Stella sat at the vast oak table, big enough to seat twelve with space to spare. Kit slept opposite her in his wheelchair. The kitchen windows were open, against the heat. Outside, the quality of the noise was changing as seven hundred men, women and children packed their stalls ready to leave.
Inside, Ursula made a leisurely circuit of the room, bringing together a tray of homemade elderflower lemonade and scones. She scooped clusters of ice cubes into three glasses, poured the lemonade, slid the squat tumblers across the wide oak table and came to sit at the short end, between Stella and the sleeping Kit.
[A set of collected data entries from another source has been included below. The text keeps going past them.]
(* Let $a\in\mathbb{R}$, $\sigma>0$, $\gamma>0$, $\lambda>0$, $T\ge1$, channel transition probabilities $p_{cc'}$, and let $Q_t$ be defined on $\mathbb{R}\times\{0,1\}\times\{0,1\}$ by the value iteration in the context. Then there exists an optimal scheduling policy $\phi^\star$ for the original risk-sensitive MDP of threshold type: for each $t\in\{1,\ldots,T\}$ and $c\in\{0,1\}$ there is a threshold $\Delta^\star_t(c)\in[0,\infty]$ such that $\phi^\star_t(\Delta,c)$ minimizes $Q_t(\Delta,c;\cdot)$ for all $\Delta\in\mathbb{R}$, $\phi^\star_t(\Delta,c)=1$ whenever $|\Delta|>\Delta^\star_t(c)$, and $\phi^\star_t(\Delta,c)=0$ whenever $|\Delta|<\Delta^\star_t(c)$.
   Context: Model: $x(t+1)=ax(t)+w(t)$ with $w(t)$ i.i.d. $\mathcal{N}(0,\sigma^2)$; Gilbert–Elliott channel state $c(t)\in\{0,1\}$ a Markov chain with $p_{01},p_{10}\in[0,1]$, $p_{00}=1-p_{01}$, $p_{11}=1-p_{10}$; error $\Delta(t)=x(t)-a\hat x(t-1)$; cost $d(\Delta,c,u)=\lambda u+(1-uc)\Delta^2$; objective $\min\mathbb{E}\exp(\gamma\sum_{t=0}^T d(\Delta(t),c(t),u(t)))$. With $\psi(v)=e^{-v^2/(2\sigma^2)}$, value iteration: $V_0\equiv1$, $Q_{t+1}(\Delta,c;0)=e^{\gamma\Delta^2}\sum_{c_+\in\{0,1\}}p_{cc_+}\int_{\mathbb{R}}\psi(\Delta_+-a\Delta)V_t(\Delta_+,c_+)d\Delta_+$, $Q_{t+1}(\Delta,c;1)=(1-c)e^{\gamma(\lambda+\Delta^2)}\sum_{c_+}p_{cc_+}\int_{\mathbb{R}}\psi(\Delta_+-a\Delta)V_t(\Delta_+,c_+)d\Delta_++c\,e^{\gamma\lambda}\sum_{c_+}p_{cc_+}\int_{\mathbb{R}}\psi(\Delta_+)V_t(\Delta_+,c_+)d\Delta_+$, $V_{t+1}=\min_{u\in\{0,1\}}Q_{t+1}(\cdot,\cdot;u)$. A deterministic Markov policy choosing at stage $t$ a minimizer of $Q_t(\Delta,c;\cdot)$ is optimal. A policy is of threshold type if it transmits ($u=1$) only when $|\Delta|$ exceeds a threshold depending on $t$ and the channel state. *)

(* values of the value iteration live in \bar R,
   since the Gaussian integrals of exponentials of squares may be +oo. *)
From HB Require Import structures.
From mathcomp Require Import all_boot all_order all_algebra.
From mathcomp Require Import all_classical all_reals all_analysis.
Set Implicit Arguments. Unset Strict Implicit. Unset Printing Implicit Defensive.
Import Order.TTheory GRing.Theory Num.Theory.
Import numFieldNormedType.Exports.
Local Open Scope classical_set_scope.
Local Open Scope ring_scope.

Section Defs.
Variable R : realType.

(* channel state c : bool, false = 0 (bad), true = 1 (good) *)
Definition chanP (p01 p10 : R) (c c' : bool) : R :=
  match c, c' with
  | false, false => 1 - p01
  | false, true  => p01
  | true,  false => p10
  | true,  true  => 1 - p10
  end.

Definition psi (sigma v : R) : R := expR (- (v ^+ 2) / (2 * sigma ^+ 2)).

Definition expect (sigma p01 p10 : R) (V : R -> bool -> \bar R) (c : bool) (m : R)
  : \bar R :=
  ((chanP p01 p10 c false)%:E *
     \int[lebesgue_measure]_(x in [set: R]) ((psi sigma (x - m))%:E * V x false)
   + (chanP p01 p10 c true)%:E *
     \int[lebesgue_measure]_(x in [set: R]) ((psi sigma (x - m))%:E * V x true))%E.

(* Q_{t+1}(Delta, c; u) computed from V_t; u : bool, false = 0, true = 1 *)
Definition Qstep (a sigma gamma lambda p01 p10 : R) (V : R -> bool -> \bar R)
  (D : R) (c : bool) (u : bool) : \bar R :=
  if u then
    (if c then ((expR (gamma * lambda))%:E * expect sigma p01 p10 V c 0)%E
     else ((expR (gamma * (lambda + D ^+ 2)))%:E
              * expect sigma p01 p10 V c (a * D))%E)
  else ((expR (gamma * D ^+ 2))%:E * expect sigma p01 p10 V c (a * D))%E.

Fixpoint Vfun (a sigma gamma lambda p01 p10 : R) (t : nat) : R -> bool -> \bar R :=
  match t with
  | 0 => fun _ _ => 1%E
  | t'.+1 => fun D c =>
      Order.min (Qstep a sigma gamma lambda p01 p10 (Vfun a sigma gamma lambda p01 p10 t') D c false)
                (Qstep a sigma gamma lambda p01 p10 (Vfun a sigma gamma lambda p01 p10 t') D c true)
  end.

(* Q_t for t >= 1 *)
Definition Qfun (a sigma gamma lambda p01 p10 : R) (t : nat) (D : R) (c u : bool)
  : \bar R :=
  Qstep a sigma gamma lambda p01 p10 (Vfun a sigma gamma lambda p01 p10 t.-1) D c u.

End Defs.

(** The value functions [V_t] and the state-action costs [Q_t(., c; u)] are
    even in [Delta] and nondecreasing in [|Delta|].  This is preserved by the
    value iteration because Gaussian smoothing preserves it: to compare the
    smoothings at [0 <= m1 <= m2], pair each [x > (m1 + m2) / 2] with its mirror
    image [m1 + m2 - x]; the Gaussian weights of the pair are swapped and the
    larger weight sits on the larger value, so a rearrangement inequality
    concludes.  Hence in the good channel, where the cost of transmitting does
    not depend on [Delta], transmitting is optimal exactly beyond the supremum
    of the [|Delta|] at which waiting is no worse; in the bad channel,
    transmitting only adds the factor [exp(gamma lambda) >= 1], so waiting is
    always optimal. *)
From HB Require Import structures.
From mathcomp Require Import all_boot all_order all_algebra.
From mathcomp Require Import all_classical all_reals all_analysis.
From mathcomp Require Import measurable_realfun ring lra.
Set Implicit Arguments. Unset Strict Implicit. Unset Printing Implicit Defensive.
Import Order.TTheory GRing.Theory Num.Theory.
Local Open Scope classical_set_scope.
Local Open Scope ring_scope.

Section radially_nondecreasing.
Variable R : realType.
Implicit Types (f g : R -> \bar R) (x y : R).

Definition radially_nondecreasing f := forall x y, `|x| <= `|y| -> (f x <= f y)%E.

Lemma radial_oppr f : radially_nondecreasing f -> forall x, f (- x) = f x.
Proof. by move=> f_rad x; apply/eqP; rewrite eq_le !f_rad// normrN. Qed.

Lemma radial_normr f : radially_nondecreasing f -> forall x, f `|x| = f x.
Proof. by move=> f_rad x; apply/eqP; rewrite eq_le !f_rad// normr_id. Qed.

Lemma radial_min f g : radially_nondecreasing f -> radially_nondecreasing g ->
  radially_nondecreasing (fun x => Order.min (f x) (g x)).
Proof. by move=> f_rad g_rad x y xy; rewrite le_min !ge_min f_rad// g_rad// orbT. Qed.

Lemma nondecreasing_emeasurable f : {homo f : x y / x <= y >-> (x <= y)%E} ->
  measurable_fun [set: R] f.
Proof.
move=> f_nd; apply: (measurability _ (ErealGenCInfty.measurableE R)) => //.
move=> /= _ [_ [r ->] <-]; apply: measurableI => //.
apply: is_interval_measurable => u v /=; rewrite !in_itv/= !andbT => fu fv w.
by move=> /andP[uw _]; rewrite in_itv/= andbT (le_trans fu)// f_nd.
Qed.

Lemma radial_measurable f : radially_nondecreasing f -> measurable_fun [set: R] f.
Proof.
move=> f_rad.
have -> : f = (fun y => f (Num.max y 0)) \o (fun x => `|x|).
  by apply/funext => x /=; rewrite max_l ?radial_normr.
apply: measurableT_comp; last exact: normr_measurable.
apply: nondecreasing_emeasurable => u v uv; apply: f_rad.
have max_ge0 (w : R) : 0 <= Num.max w 0 by rewrite le_max lexx orbT.
by rewrite !ger0_norm// ge_max !le_max uv lexx !orbT.
Qed.

End radially_nondecreasing.

Section lebesgue_reflection.
Variable R : realType.
Local Notation mu := (@lebesgue_measure R).

Lemma measurable_subr (s : R) : measurable_fun [set: measurableTypeR R]
  (fun x : measurableTypeR R => (s - x : measurableTypeR R)).
Proof. exact: measurable_funB. Qed.

Lemma lebesgue_measure_reflect (s : R) (A : set R) : measurable A ->
  mu ((fun x => s - x) @^-1` A) = mu A.
Proof.
move=> mA.
have := @lebesgue_measure_unique R
  (measure_function_pushforward__canonical__measure_function_Measure mu
    (measurable_subr s)) _ A mA.
move=> /= -> // _ [[a b]] _ <-; rewrite /pushforward /=.
have -> : (fun x => s - x) @^-1` `]a, b]%classic = `[s - b, s - a[%classic.
  by apply/seteqP; split => x /=; rewrite !in_itv/= => /andP[? ?]; apply/andP; split; lra.
rewrite !lebesgue_measure_itv/= !lte_fin.
have -> : (s - b < s - a) = (a < b) by apply/idP/idP => ?; lra.
by case: ifP => // _; congr (_%:E); lra.
Qed.

Lemma ge0_integral_reflect (s : R) (D : set R) (F : R -> \bar R) : measurable D ->
  measurable_fun D F -> (forall x, D x -> (0 <= F x)%E) ->
  (\int[mu]_(x in D) F x = \int[mu]_(x in (fun x => s - x)%R @^-1` D) F (s - x)%R)%E.
Proof.
move=> mD mF F_ge0.
rewrite -(@ge0_integral_pushforward _ _ _ _ R _ (measurable_subr s) mu D F mD mF);
  last by move=> y /set_mem; exact: F_ge0.
apply: eq_measure_integral; first exact: measurable_subr.
by move=> mf A mA _; exact: esym (lebesgue_measure_reflect s mA).
Qed.

Lemma ge0_integral_fold (s : R) (H : R -> \bar R) :
  measurable_fun [set: R] H -> (forall x, (0 <= H x)%E) ->
  (\int[mu]_(x in [set: R]) H x =
   \int[mu]_(x in `](s / 2)%R, +oo[) H x + \int[mu]_(x in `](s / 2)%R, +oo[) H (s - x)%R)%E.
Proof.
move=> mH H_ge0.
have -> : [set: R] = `]s / 2, +oo[ `|` `]-oo, s / 2].
  apply/seteqP; split => x //= _.
  by rewrite !in_itv /= andbT; case: (ltP (s / 2) x); [left | right].
have disj : [disjoint `]s / 2, +oo[ & `]-oo, s / 2]].
  by apply/disj_setPS => x [] /=; rewrite !in_itv /= andbT => ? ?; lra.
rewrite ge0_integral_setU//; last exact: measurable_funTS.
congr (_ + _)%E.
rewrite (ge0_integral_reflect s (measurable_itv _)); first last.
- by move=> x _; exact: H_ge0.
- exact: measurable_funTS (measurableT_comp mH (measurable_subr s)).
have -> : (fun x => s - x) @^-1` `](s / 2)%R, +oo[ = `]-oo, s / 2] `\ (s / 2).
  apply/seteqP; split => x /=; rewrite !in_itv /=.
  - by move=> ?; split; [lra | move=> ?; lra].
  - by move=> [? /eqP]; rewrite neq_lt => /orP[]; lra.
have mD : measurable (`]-oo, (s / 2)%R] `\ (s / 2)%R : set R).
  by apply: measurableD => //; exact: measurable_set1.
rewrite -(integral_setD1 mD (measurable_funTS mH)).
by apply: eq_integral => x _; congr H; lra.
Qed.

End lebesgue_reflection.

Lemma lee_rearrange (R : realType) (A B : R) (F G : \bar R) :
  0 < B <= A -> (0 <= G <= F)%E -> (B%:E * F + A%:E * G <= A%:E * F + B%:E * G)%E.
Proof.
move=> /andP[B_gt0 BA] /andP[G_ge0 GF]; have A_gt0 : 0 < A by exact: lt_le_trans BA.
case: F GF => [r| |] GF; last by case: G G_ge0 GF.
- case: G G_ge0 GF => [q| |] // G_ge0 GF; rewrite !lee_fin in G_ge0 GF.
  rewrite -!EFinM -!EFinD lee_fin.
  have : 0 <= (A - B) * (r - q) by apply: mulr_ge0; lra.
  nra.
- rewrite !gt0_muley ?lte_fin//.
  by case: G G_ge0 GF => [q| |] //= _ _; rewrite ?gt0_muley ?lte_fin.
Qed.

Section gaussian_smoothing.
Variables (R : realType) (s : R).
Local Notation mu := (@lebesgue_measure R).

Lemma psi_gt0 v : 0 < psi s v.
Proof. exact: expR_gt0. Qed.

Lemma psiN v : psi s (- v) = psi s v.
Proof. by rewrite /psi sqrrN. Qed.

Lemma le_psi u v : v ^+ 2 <= u ^+ 2 -> psi s u <= psi s v.
Proof.
move=> vu; rewrite /psi ler_expR !mulNr lerN2 ler_wpM2r// invr_ge0.
by rewrite mulr_ge0// sqr_ge0.
Qed.

Lemma measurable_psi_shift m : measurable_fun [set: R] (fun x => psi s (x - m)).
Proof.
apply: measurableT_comp (@measurable_expR R) _.
apply: measurable_funM => //; apply: measurable_funN.
by apply: measurable_funX; exact: measurable_funB.
Qed.

Definition gauss_conv (f : R -> \bar R) (m : R) : \bar R :=
  (\int[mu]_(x in [set: R]) ((psi s (x - m))%:E * f x))%E.

Variable f : R -> \bar R.
Hypotheses (f_ge0 : forall x, (0 <= f x)%E) (f_rad : radially_nondecreasing f).

Let integrand m x := ((psi s (x - m))%:E * f x)%E.

Let integrand_ge0 m x : (0 <= integrand m x)%E.
Proof. by rewrite mule_ge0// lee_fin ltW// psi_gt0. Qed.

Let measurable_integrand m : measurable_fun [set: R] (integrand m).
Proof.
apply: emeasurable_funM; last exact: radial_measurable.
by apply/measurable_EFinP; exact: measurable_psi_shift.
Qed.

Let measurable_integrand_reflect S m :
  measurable_fun [set: R] (fun x => integrand m (S - x)).
Proof. exact: measurableT_comp (measurable_integrand m) (measurable_subr S). Qed.

Lemma gauss_conv_ge0 m : (0 <= gauss_conv f m)%E.
Proof. by apply: integral_ge0 => x _; exact: integrand_ge0. Qed.

Lemma gauss_convN m : gauss_conv f (- m) = gauss_conv f m.
Proof.
rewrite /gauss_conv (ge0_integral_reflect 0 measurableT (measurable_integrand (- m))
  (fun x _ => integrand_ge0 (- m) x)) preimage_setT.
apply: eq_integral => x _.
by rewrite /integrand sub0r (radial_oppr f_rad) -psiN opprB opprK addrC.
Qed.

Lemma gauss_conv_fold S m : gauss_conv f m =
  (\int[mu]_(x in `](S / 2)%R, +oo[) (integrand m x + integrand m (S - x)%R))%E.
Proof.
rewrite /gauss_conv (ge0_integral_fold S (measurable_integrand m))//.
by rewrite ge0_integralD//; apply: measurable_funTS;
  [exact: measurable_integrand | exact: measurable_integrand_reflect].
Qed.

Lemma gauss_conv_le m1 m2 : 0 <= m1 <= m2 -> (gauss_conv f m1 <= gauss_conv f m2)%E.
Proof.
move=> /andP[m1_ge0 m12].
rewrite !(gauss_conv_fold (m1 + m2)); apply: ge0_le_integral => //.
- by move=> x _; rewrite adde_ge0.
- by apply/measurable_funTS/emeasurable_funD;
    [exact: measurable_integrand | exact: measurable_integrand_reflect].
- by apply/measurable_funTS/emeasurable_funD;
    [exact: measurable_integrand | exact: measurable_integrand_reflect].
move=> x /=; rewrite in_itv /= andbT /integrand => mid_x.
have -> : m1 + m2 - x - m1 = - (x - m2) by ring.
have -> : m1 + m2 - x - m2 = - (x - m1) by ring.
rewrite !psiN; apply: lee_rearrange.
- rewrite psi_gt0 le_psi//.
  have : 0 <= (m2 - m1) * (2 * x - m1 - m2) by apply: mulr_ge0; lra.
  nra.
- rewrite f_ge0 f_rad// [`|x|]ger0_norm; last lra.
  by rewrite ler_norml; apply/andP; split; lra.
Qed.

Lemma gauss_conv_radial : radially_nondecreasing (gauss_conv f).
Proof.
have conv_norm m : gauss_conv f `|m| = gauss_conv f m.
  have [m_ge0|m_lt0] := leP 0 m; first by rewrite ger0_norm.
  by rewrite (ltr0_norm m_lt0) gauss_convN.
move=> x y xy; rewrite -conv_norm -(conv_norm y).
by apply: gauss_conv_le; rewrite normr_ge0.
Qed.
Somewhere in the past five minutes, she had shed her cream linen jacket, and with it the formality of the woman who had run the festival. A streak of light crossed her face, smoothing ten years off her age. She raised her glass. ‘I don’t think a festival like this was necessarily the best way to meet. Shall we start again as if it didn’t happen?’
‘Or you could explain why it was here?’ Stella said. ‘You don’t seem the type.’